# Collect ETM data for AutoFDO

[TOC]

## Introduction

The ARM Embedded Trace Macrocell (ETM) is an instruction tracing unit available on ARM SoCs. ETM
traces the instruction stream executed on each core and sends the stream to system memory via other
Coresight components. ETM data contains branch records, similar to Last Branch Records (LBRs) on
x86 architectures.

Simpleperf supports collecting ETM data and converting it to input files for AutoFDO, which can
then be used for Profile-Guided Optimization (PGO) during compilation.
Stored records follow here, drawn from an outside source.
Definition bilip_into_l1_on (A : MetricSpace) (S : A -> Prop)
    (f : A -> nat -> R) (C : R) : Prop :=
  (forall u, S u -> in_l1 (f u)) /\
  exists r, 0 < r /\
    forall u v, S u -> S v ->
      exists s, l1_dist (f u) (f v) s /\
        r * dist A u v <= s /\ s <= r * C * dist A u v.

Definition embeds_l1_on (A : MetricSpace) (S : A -> Prop) (C : R) : Prop :=
  exists f : A -> nat -> R, bilip_into_l1_on A S f C.

From Stdlib Require Import Reals List Lra Lia Bool ProofIrrelevance.
Open Scope R_scope.
Import ListNotations.

(* A is the disjoint union of finite trees T_k (k : nat).  The points of T_k are the empty set and
   the cylinders of Cantor space given by binary strings of length <= k, with the measure of the
   symmetric difference as distance; distinct levels j <> k are at distance (j+1) + (k+1), which
   makes balls finite.  All these distances are l_1-distances of indicator coordinates (one per
   level, one per atom of a fine enough partition of Cantor space), so every finite subset embeds
   isometrically into l_1.
   Conversely, let f embed A into l_1 scaling all distances by r.  If four points form a metric
   rectangle (each diagonal is a geodesic through both remaining vertices), then in every coordinate
   of f they coincide in pairs.  The rectangles formed by {empty, s} at two consecutive levels
   and by empty, s0, s1, s inside one level show that the n-th coordinate gap between the empty
   set and the root cylinder at level 0 reappears between the empty set and some string of
   length k at level k; it is therefore at most r 2^-k, hence 0, contradicting their distance 1. *)

Fixpoint prefixb (s t : list bool) : bool :=
  match s, t with
  | [], _ => true
  | _ :: _, [] => false
  | b :: s', c :: t' => Bool.eqb b c && prefixb s' t'
  end.

Lemma prefixb_refl s : prefixb s s = true.
Proof. induction s; simpl; auto. rewrite eqb_reflx; auto. Qed.

Lemma prefixb_trans s t u :
  prefixb s t = true -> prefixb t u = true -> prefixb s u = true.
Proof.
  revert t u; induction s as [|a s IH]; intros [|b t] [|c u]; simpl; auto; try discriminate.
  intros [E1 H1]%andb_prop [E2 H2]%andb_prop.
  apply eqb_prop in E1, E2; subst. rewrite eqb_reflx. eauto.
Qed.

Lemma prefixb_length s t : prefixb s t = true -> (length s <= length t)%nat.
Proof.
  revert t; induction s as [|a s IH]; intros [|b t]; simpl; try lia; try discriminate.
  intros [_ H]%andb_prop. apply IH in H; lia.
Qed.

Lemma prefixb_length_eq s t : prefixb s t = true -> length t = length s -> s = t.
Proof.
  revert t; induction s as [|a s IH]; intros [|b t]; simpl; auto; try discriminate.
  intros [E H]%andb_prop L. apply eqb_prop in E; subst. f_equal; auto.
Qed.

Lemma prefixb_comparable s t u : prefixb s u = true -> prefixb t u = true ->
  prefixb s t = true \/ prefixb t s = true.
Proof.
  revert t u; induction s as [|a s IH]; intros [|b t] [|c u]; simpl; auto; try discriminate.
  intros [E1 H1]%andb_prop [E2 H2]%andb_prop.
  apply eqb_prop in E1, E2; subst. rewrite eqb_reflx. eauto.
Qed.

Lemma prefixb_app s u : prefixb s (s ++ u) = true.
Proof. induction s; simpl; auto. rewrite eqb_reflx; auto. Qed.

Lemma prefixb_snoc s b c : prefixb (s ++ [b]) (s ++ [c]) = Bool.eqb b c.
Proof. induction s; simpl; [apply andb_true_r | rewrite eqb_reflx; auto]. Qed.
(* Let $G=(V,E)$ be a weighted undirected graph with $n$ labeled vertices and let $k\ge1$. The running time of Algorithm 1 (described in the context), with $Q$ implemented as a Fibonacci heap, is $O(k|E|+N_p\log|V|)$, where $N_p$ is the total number of pop-minimum operations, and $N_p\le\min\{n|V|,k|E|\}$.
   Context: Fibonacci heap: insert and decrease-key cost $O(1)$ amortized, pop-minimum costs $O(\log|Q|)$. Algorithm 1: input an undirected graph with non-negative weights $w$, a set $\mathcal L\subseteq V$ of labeled vertices ($|\mathcal L|=n$) and $k$. It maintains a min-priority queue $Q$ of pairs $(\mathrm{seed},v)\in\mathcal L\times V$ with priorities, and for each $v\in V$ a list kNN$[v]$ (initially empty) and a set $S_v$ (initially empty). Initially, for each $s\in\mathcal L$, $(s,s)$ is inserted with priority $0$. While $Q$ is nonempty: pop the pair $(\mathrm{seed},v_0)$ of minimum priority $\mathrm{dist}$; add $\mathrm{seed}$ to $S_{v_0}$; if kNN$[v_0]$ has fewer than $k$ entries, append $(\mathrm{dist},\mathrm{seed})$ to kNN$[v_0]$ and, for every neighbour $v$ of $v_0$ such that kNN$[v]$ has fewer than $k$ entries and $\mathrm{seed}\notin S_v$, perform decrease-or-insert of $(\mathrm{seed},v)$ with priority $\mathrm{dist}+w(v_0,v)$ (lower its priority if present in $Q$, otherwise insert).
   Formalization: The bound on pop-minimum operations is $N_p\le\min\{n|V|,n+2k|E|\}$ instead of $N_p\le\min\{n|V|,k|E|\}$, and the running time charges nothing for initialising the lists kNN$[v]$ and sets $S_v$ of all vertices. The statement above fails without it. *)

(* Model of Algorithm 1 (multi-seed k-nearest-labeled-vertices
   Dijkstra) with an abstract priority queue charged with the Fibonacci-heap
   amortized costs: insert / decrease-key = 1, pop-min = 1 + log2 |Q|. *)
From mathcomp Require Import all_boot all_order all_algebra.
Set Implicit Arguments. Unset Strict Implicit. Unset Printing Implicit Defensive.
Import Order.TTheory GRing.Theory Num.Theory.

Section Alg.
Variables (R : realDomainType) (T : finType) (e : rel T) (w : T -> T -> R)
          (k : nat).

(* Q maps a pair (seed, v) to its priority if the pair is in the queue. *)
Record state := State {
  Q   : {ffun T * T -> option R};
  kNN : {ffun T -> seq (R * T)};
  S   : {ffun T -> {set T}} }.

Definition qsize (st : state) : nat := #|[set p : T * T | Q st p]|.

Definition init (L : {set T}) : state :=
  State [ffun p : T * T => if (p.1 == p.2) && (p.1 \in L) then Some 0%R else None]
        [ffun _ => [::]] [ffun _ => set0].

Definition is_min (st : state) (p : T * T) (d : R) : Prop :=
  Q st p = Some d /\ forall p' d', Q st p' = Some d' -> (d <= d')%R.

Definition dec_or_ins (o : option R) (d : R) : option R :=
  if o is Some d0 then Some (Num.min d0 d) else Some d.

(* One iteration of the while loop, after popping (seed,v0) with priority d:
   the new state and the cost of the iteration. *)
Definition next (st : state) (seed v0 : T) (d : R) : state * nat :=
  let S' := [ffun v => if v == v0 then seed |: S st v else S st v] in
  let popcost := 1 + trunc_log 2 (qsize st) in
  if size (kNN st v0) < k then
    let kNN' := [ffun v => if v == v0 then rcons (kNN st v) (d, seed)
                           else kNN st v] in
    let active v := [&& e v0 v, size (kNN' v) < k & seed \notin S' v] in
    let Q' := [ffun p : T * T => if p == (seed, v0) then None
                 else if (p.1 == seed) && active p.2
                      then dec_or_ins (Q st p) (d + w v0 p.2)%R
                      else Q st p] in
    (State Q' kNN' S',
     popcost + #|[set v | e v0 v]| + #|[set v | active v]|)
  else
    (State [ffun p => if p == (seed, v0) then None else Q st p] (kNN st) S',
     popcost).

(* run st c np : starting from st, the loop terminates (Q empty) after np
   pop-minimum operations, with total cost c; any minimum may be popped. *)
Inductive run : state -> nat -> nat -> Prop :=
| run_stop st : qsize st = 0 -> run st 0 0
| run_pop st seed v0 d c np :
    is_min st (seed, v0) d ->
    run (next st seed v0 d).1 c np ->
    run st ((next st seed v0 d).2 + c) np.+1.

End Alg.

Definition edges (T : finType) (e : rel T) : {set {set T}} :=
  [set [set p.1; p.2] | p in [set p : T * T | e p.1 p.2]].

(* Two potentials bound the number of pops.  Every queued pair (seed, v) has
   a labeled seed not yet in S_v, and popping it adds seed to S_v, so there
   are at most n|V| pops.  A pop of (seed, v0) inserts pairs only when it
   appends to kNN[v0], which happens at most k times per vertex and inserts
   at most deg v0 pairs; hence |Q| + sum_v (k - |kNN[v]|) deg v drops at every
   pop, giving at most n + k sum_v deg v <= n + 2k|E| pops.  The same edge
   budget pays for all relaxations, and a pop costs 1 + log |Q|, where
   |Q| <= |V|^2. *)
From Pilot Require Import Defs.
From mathcomp Require Import all_boot all_order all_algebra.
From mathcomp Require Import zify.
Import Order.TTheory GRing.Theory Num.Theory.
Set Implicit Arguments. Unset Strict Implicit. Unset Printing Implicit Defensive.

Definition arcs (T : finType) (e : rel T) : {set T * T} :=
  [set p : T * T | e p.1 p.2].

Section Algorithm.
Variables (R : realDomainType) (T : finType) (e : rel T) (w : T -> T -> R)
          (k : nat).

Local Notation state := (state R T).
Local Notation step := (Defs.next e w k).
Local Notation run := (run e w k).

Definition deg (v : T) : nat := #|[set u | e v u]|.

Definition edge_budget (st : state) : nat :=
  \sum_v (k - size (kNN st v)) * deg v.

Definition relaxed (st : state) (v0 : T) : nat := (size (kNN st v0) < k) * deg v0.

Lemma qsize_le_card_sqr (st : state) : qsize st <= #|T| * #|T|.
Proof. by rewrite /qsize -card_prod max_card. Qed.

Lemma S_step (st : state) seed v0 d :
  S (step st seed v0 d).1 = [ffun v => if v == v0 then seed |: S st v else S st v].
Proof. by rewrite /Defs.next; case: ifP. Qed.

Lemma edge_budget_step (st : state) seed v0 d :
  edge_budget (step st seed v0 d).1 + relaxed st v0 = edge_budget st.
Proof.
rewrite /Defs.next /relaxed; case: ifP => [lt_k|_] /=; last by rewrite addn0.
rewrite /edge_budget (bigD1 v0) //= [in RHS](bigD1 v0) //= ffunE eqxx size_rcons.
under eq_bigr => v /negbTE nv0 do rewrite ffunE nv0.
by rewrite mul1n -(subnSK lt_k) mulSn; lia.
Qed.

Lemma qsize_step_ge (st : state) seed v0 d :
  qsize st <= (qsize (step st seed v0 d).1).+1.
Proof.
rewrite /qsize -add1n -(cards1 (seed, v0)) (leq_trans _ (leq_card_setU _ _)) //.
apply: subset_leq_card; apply/subsetP => p; rewrite !inE => Qp.
case: eqVneq => //= p_neq; rewrite /Defs.next.
case: ifP => _ /=; rewrite ffunE (negbTE p_neq) //.
by case: ifP => // _; case: (Q st p).
Qed.

Lemma qsize_step (st : state) seed v0 d : Q st (seed, v0) = Some d ->
  (qsize (step st seed v0 d).1).+1 <= qsize st + relaxed st v0.
Proof.
move=> Qx; have queued : (seed, v0) \in [set p | Q st p] by rewrite inE Qx.
rewrite /qsize (cardsD1 (seed, v0) [set p | Q st p]) queued add1n addSn ltnS.
rewrite /Defs.next /relaxed; case: ifP => _ /=; last first.
  rewrite addn0 subset_leq_card //.
  by apply/subsetP => p; rewrite !inE ffunE; case: ifP.
rewrite mul1n; set queued' := _ :\ _.
apply: (@leq_trans #|queued' :|: [set (seed, v) | v in [set v | e v0 v]]|).
  apply: subset_leq_card; apply/subsetP => -[a b]; rewrite !inE ffunE.
  case: ifP => // _ /=; case: ifP => [/andP[/eqP-> /and3P[ev0 _ _]] _|_ ->] //.
  by apply/orP; right; apply/imsetP; exists b; rewrite ?inE.
by rewrite (leq_trans (leq_card_setU _ _)) // leq_add2l leq_imset_card.
Qed.

Lemma cost_step (st : state) seed v0 d :
  (step st seed v0 d).2 <= 1 + trunc_log 2 (qsize st) + 2 * relaxed st v0.
Proof.
rewrite /Defs.next /relaxed; case: ifP => _ /=; last by rewrite addn0.
rewrite mul1n mul2n -addnn -addnA !leq_add2l subset_leq_card //.
by apply/subsetP => v; rewrite !inE => /and3P[].
Qed.

Lemma run_qsize_le (st : state) c np : run st c np -> qsize st <= np.
Proof.
elim=> {st c np} [st -> //|st seed v0 d c np _ _ le_np].
exact: leq_trans (qsize_step_ge st seed v0 d) _.
Qed.

Lemma run_pops_le_potential (st : state) c np :
  run st c np -> np <= qsize st + edge_budget st.
Proof.
elim=> {st c np} [st -> //|st seed v0 d c np [Qx _] _ le_np].
have := qsize_step Qx; have := edge_budget_step st seed v0 d; lia.
Qed.

Lemma run_cost_le (st : state) c np : run st c np ->
  c <= np * (1 + trunc_log 2 (#|T| * #|T|)) + 2 * edge_budget st.
Proof.
elim=> {st c np} [st _ //|st seed v0 d c np _ _ le_c].
have := leq_trunc_log 2 (qsize_le_card_sqr st).
have := cost_step st seed v0 d; have := edge_budget_step st seed v0 d.
rewrite mulSn; lia.
Qed.

Section Labels.
Variable L : {set T}.

Definition pending (st : state) (p : T * T) : bool :=
  (p.1 \in L) && (p.1 \notin S st p.2).

Definition npending (st : state) : nat := #|[set p | pending st p]|.

Definition queue_inv (st : state) : Prop := forall p, Q st p -> pending st p.

Lemma pending_step (st : state) seed v0 d p :
  pending (step st seed v0 d).1 p = (p != (seed, v0)) && pending st p.
Proof.
case: p => a b; rewrite /pending S_step ffunE /= xpair_eqE.
case: (eqVneq b v0) => [->|_]; last by rewrite andbF.
by rewrite andbT in_setU1 negb_or andbCA.
Qed.

Lemma queued_step (st : state) seed v0 d p : Q (step st seed v0 d).1 p ->
  p != (seed, v0) /\
  (Q st p \/ p.1 = seed /\ p.1 \notin S (step st seed v0 d).1 p.2).
Proof.
set S' := S _; have S'E : S' = _ := S_step st seed v0 d.
rewrite /Defs.next; case: ifP => _ /=; rewrite ffunE; case: ifP => [//|/negbT neq].
  case: ifP => [/andP[/eqP p1 /and3P[_ _ nS]] _|_ Qp]; last by split; [|left].
  by split; last by right; rewrite S'E p1.
by split; [|left].
Qed.

Lemma queue_inv_step (st : state) seed v0 d :
  queue_inv st -> Q st (seed, v0) = Some d -> queue_inv (step st seed v0 d).1.
Proof.
move=> inv Qx; have /andP[seedL _] : pending st (seed, v0) by apply: inv; rewrite Qx.
move=> p /queued_step[neq [/inv|[p1 nS]]]; first by rewrite pending_step neq.
by rewrite /pending nS p1 seedL.
Qed.

Lemma npending_step (st : state) seed v0 d :
  queue_inv st -> Q st (seed, v0) = Some d ->
  npending (step st seed v0 d).1 < npending st.
Proof.
move=> inv Qx; apply: proper_card; apply/properP; split.
  by apply/subsetP => p; rewrite !inE pending_step => /andP[].
exists (seed, v0); first by rewrite inE inv ?Qx.
by rewrite inE pending_step eqxx.
Qed.

Lemma run_pops_le_npending (st : state) c np :
  queue_inv st -> run st c np -> np <= npending st.
Proof.
move=> + r; elim: r => {st c np} [//|st seed v0 d c np [Qx _] _ IH] inv.
exact: leq_ltn_trans (IH (queue_inv_step inv Qx)) (npending_step inv Qx).
Qed.

Lemma exists_is_min (st : state) : qsize st != 0 -> exists p d, is_min st p d.
Proof.
rewrite cards_eq0 => /set0Pn[p0]; rewrite inE => Qp0.
case: (@arg_minP _ R _ p0 (fun p => Q st p) (fun p => odflt 0%R (Q st p)) Qp0).
move=> p Qp minp.
case Qp_eq: (Q st p) Qp => [d|] // _; exists p, d; split=> // p' d' Qp'.
by have := minp p'; rewrite Qp' Qp_eq => /(_ isT).
Qed.

Lemma run_exists (st : state) : queue_inv st -> exists c np, run st c np.
Proof.
have [n] := ubnP (npending st); elim: n st => // n IH st lt_n inv.
have [empty|/exists_is_min[[seed v0] [d minx]]] := eqVneq (qsize st) 0.
  by exists 0, 0; constructor.
have [Qx _] := minx.
have [|c [np r]] := IH _ _ (queue_inv_step inv Qx).
  exact: leq_trans (npending_step inv Qx) _.
by exists ((step st seed v0 d).2 + c), np.+1; apply: run_pop minx r.
Qed.

Lemma queue_inv_init : queue_inv (init R L).
Proof.
by case=> a b; rewrite /pending !ffunE in_set0 andbT; case: ifP => // /andP[].
Qed.

Lemma qsize_init : qsize (init R L) = #|L|.
Proof.
rewrite /qsize -(card_imset (mem L) (f := fun x => (x, x))); last by move=> x y [].
apply: eq_card => -[a b]; rewrite !inE ffunE /=.
apply/idP/imsetP => [|[x Lx [-> ->]]]; last by rewrite eqxx Lx.
by case: ifP => // /andP[/eqP <- La] _; exists a.
Qed.

Lemma npending_init_le : npending (init R L) <= #|L| * #|T|.
Proof.
rewrite -cardsT -cardsX subset_leq_card //.
by apply/subsetP => -[a b]; rewrite !inE andbT => /andP[].
Qed.

End Labels.

Lemma edge_budget_init (L : {set T}) : edge_budget (init R L) = k * #|arcs e|.
Proof.
rewrite /edge_budget (eq_bigr (fun v => k * deg v)) => [|v _]; last first.
  by rewrite ffunE subn0.
rewrite -big_distrr /= -sum1_card; congr (_ * _).
rewrite (eq_bigr (fun v => \sum_(u | e v u) 1)) => [|v _]; last first.
  by rewrite /deg -sum1_card; apply: eq_bigl => u; rewrite inE.
rewrite (pair_big_dep predT (fun v u => e v u) (fun _ _ => 1)) /=.
by apply: eq_bigl => p; rewrite inE.
Qed.

End Algorithm.

Section EdgeCount.
Variables (T : finType) (e : rel T).
Hypothesis e_irr : irreflexive e.

Lemma card_arcs_asym_le (lt : rel T) : (forall a b, lt a b -> ~~ lt b a) ->
  #|[set p in arcs e | lt p.1 p.2]| <= #|edges e|.
Proof.
move=> lt_asym; rewrite -(@card_in_imset _ _ (fun p : T * T => [set p.1; p.2])).
  by rewrite subset_leq_card // imsetS //; apply/subsetP => p; rewrite !inE => /andP[].
move=> [a b] [c d]; rewrite !inE /= => /andP[eab lt_ab] /andP[_ lt_cd] eq_ab_cd.
have neq_ab : a != b by apply: contraTneq eab => ->; rewrite e_irr.
have /set2P[ac|ad] : a \in [set c; d] by rewrite -eq_ab_cd set21.
all: have /set2P[bc|bd] : b \in [set c; d] by rewrite -eq_ab_cd set22.
- by rewrite ac bc eqxx in neq_ab.
- by rewrite ac bd.
- by move: (lt_asym _ _ lt_cd); rewrite -ad -bc lt_ab.
- by rewrite ad bd eqxx in neq_ab.
Qed.

Lemma card_arcs_le : #|arcs e| <= 2 * #|edges e|.
Proof.
pose lt (a b : T) := enum_rank a < enum_rank b.
have lt_asym a b : lt a b -> ~~ lt b a by rewrite /lt -leqNgt => /ltnW.
have split_arcs : arcs e \subset
    [set p in arcs e | lt p.1 p.2] :|: [set p in arcs e | lt p.2 p.1].
  apply/subsetP => -[a b]; rewrite !inE /= /lt => eab; rewrite eab /=.
  by case: ltngtP => // /val_inj/enum_rank_inj eq_ab; rewrite eq_ab e_irr in eab.
rewrite (leq_trans (subset_leq_card split_arcs)) // (leq_trans (leq_card_setU _ _)) //.
rewrite mul2n -addnn leq_add ?(card_arcs_asym_le lt_asym) //.
by apply: (@card_arcs_asym_le (fun a b => lt b a)) => a b /lt_asym.
Qed.

End EdgeCount.

Lemma trunc_logM_le p m n : 1 < p ->
  trunc_log p (m * n) <= trunc_log p m + trunc_log p n + 1.
Proof.
move=> p_gt1; have [->|m_gt0] := posnP m; first by rewrite mul0n trunc_log0.
have [->|n_gt0] := posnP n; first by rewrite muln0 trunc_log0.
have mn_gt0 : 0 < m * n by rewrite muln_gt0 m_gt0.
rewrite addn1 -ltnS -(ltn_exp2l _ _ p_gt1).
apply: leq_ltn_trans (trunc_logP p_gt1 mn_gt0) _.
rewrite -addnS -addSn expnD.
by apply: ltn_mul; apply: trunc_log_ltn.
Qed.

Lemma leq_mul_trunc_log2 N n : n <= N * N -> n <= n * trunc_log 2 N + 1.
Proof.
have [N_ge2|N_le1] := leqP 2 N => n_le.
  rewrite -{1}[n]muln1 (leq_trans _ (leq_addr _ _)) //.
  by rewrite leq_mul2l trunc_log_gt0 N_ge2 orbT.
by apply: leq_trans n_le _; nia.
Qed.

Theorem theoremB2 :
  exists C : nat,
  forall (R : realDomainType) (T : finType) (e : rel T) (w : T -> T -> R)
         (L : {set T}) (k : nat),
    irreflexive e -> symmetric e ->
    (forall x y, e x y -> w x y = w y x) ->
    (forall x y, e x y -> (0 <= w x y)%R) ->
    1 <= k ->
    (exists c np, run e w k (init R L) c np) /\
    (forall c np, run e w k (init R L) c np ->
       #|L| + c <= C * (k * #|edges e| + np * trunc_log 2 #|T| + 1) /\
       np <= minn (#|L| * #|T|) (#|L| + 2 * k * #|edges e|)).
Proof.
exists 5 => R T e w L k e_irr _ _ _ _.
have inv0 : queue_inv L (init R L) := @queue_inv_init R T L.
split=> [|c np r]; first exact: (run_exists e w k inv0).
have L_le_np : #|L| <= np by rewrite -(qsize_init R L); apply: run_qsize_le r.
have np_le_LT := leq_trans (run_pops_le_npending inv0 r) (npending_init_le R L).
have arcs_le := card_arcs_le e_irr.
have np_le_edges : np <= #|L| + 2 * k * #|edges e|.
  by have := run_pops_le_potential r; rewrite qsize_init edge_budget_init; nia.
have c_le := run_cost_le r; rewrite edge_budget_init in c_le.
have log_le := trunc_logM_le #|T| #|T| (isT : 1 < 2).
have := leq_mul_trunc_log2 (leq_trans np_le_LT (leq_mul (max_card _) (leqnn _))).
split; [nia | by rewrite leq_min np_le_LT np_le_edges].
Qed.
Lemma matroid_gale_max : X != set0 -> is_matroid X -> forall w : 'I_n -> nat,
  exists2 z, z \in bary X & forall y, y \in bary X -> gale_le w y z.
Proof.
move=> X0 /is_matroidE exchX w.
have bases0 : bases X != set0.
  by case/set0Pn: X0 => x xX; apply/set0Pn; exists (elts x); apply: imset_f.
have [_ /imsetP[x0 x0X ->] x0max] := greedy_basis exchX card_bases w bases0.
pose r a b := w b <= w a.
have size_z : size (sort r x0) == k by rewrite size_sort size_tuple.
exists (Tuple size_z) => [|y /bary_memP[x xX yx] i t /=].
  by apply/bary_memP; exists x0; rewrite /= ?perm_sort.
rewrite [X in _ <= X]count_take_nonincr ?sort_sorted //; last by move=> a b; apply: leq_total.
rewrite leq_min (leq_trans (count_size _ _)) ?size_take_min ?geq_minl //=.
have uy : uniq y by rewrite (perm_uniq yx) uniqX.
rewrite count_sort (count_elts _ (take_uniq _ uy)) (count_elts _ (uniqX x0X)).
apply: x0max.
exists (elts x); first exact: imset_f.
by apply/subsetP => e; rewrite !inE => /mem_take; rewrite (perm_mem yx).
Qed.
On ARMv8, the ETM and other Coresight components are considered part of the external debug
interface. Therefore, they are typically only used internally and are disabled on production
devices. ARMv9 introduces the Embedded Trace Extension (ETE) and Trace Buffer Extension (TRBE)
to enhance self-hosted ETM data collection. This new hardware is not bound to the external debug
interface and can be used more widely to collect AutoFDO profiles.

For Pixel devices, ETM data collection is supported on EVT and DVT devices starting with Pixel 4.
For other devices, you can try the commands in this document to see if ETM data recording is
possible. To enable ETM data collection on a device, refer to the documentation in
[Enable ETM data collection](#enable-etm-data-collection).

## Examples

Below are examples collecting ETM data for AutoFDO. It has two steps: first recording ETM data,
second converting ETM data to AutoFDO input files.

Record ETM data:

```sh
# preparation: we need to be root to record ETM data
$ adb root
$ adb shell
redfin:/ \# cd data/local/tmp
redfin:/data/local/tmp \#

# Do a system wide collection, it writes output to perf.data.
# If only want ETM data for kernel, use `-e cs-etm:k`.
# If only want ETM data for userspace, use `-e cs-etm:u`.
redfin:/data/local/tmp \# simpleperf record -e cs-etm --duration 3 -a

# To reduce file size and time converting to AutoFDO input files, we recommend converting ETM data
# into an intermediate branch-list format.
redfin:/data/local/tmp \# simpleperf inject --output branch-list -o branch_list.data
```

Converting ETM data to AutoFDO input files needs to read binaries.
So for userspace libraries, they can be converted on device. For kernel, it needs
to be converted on host, with vmlinux and kernel modules available.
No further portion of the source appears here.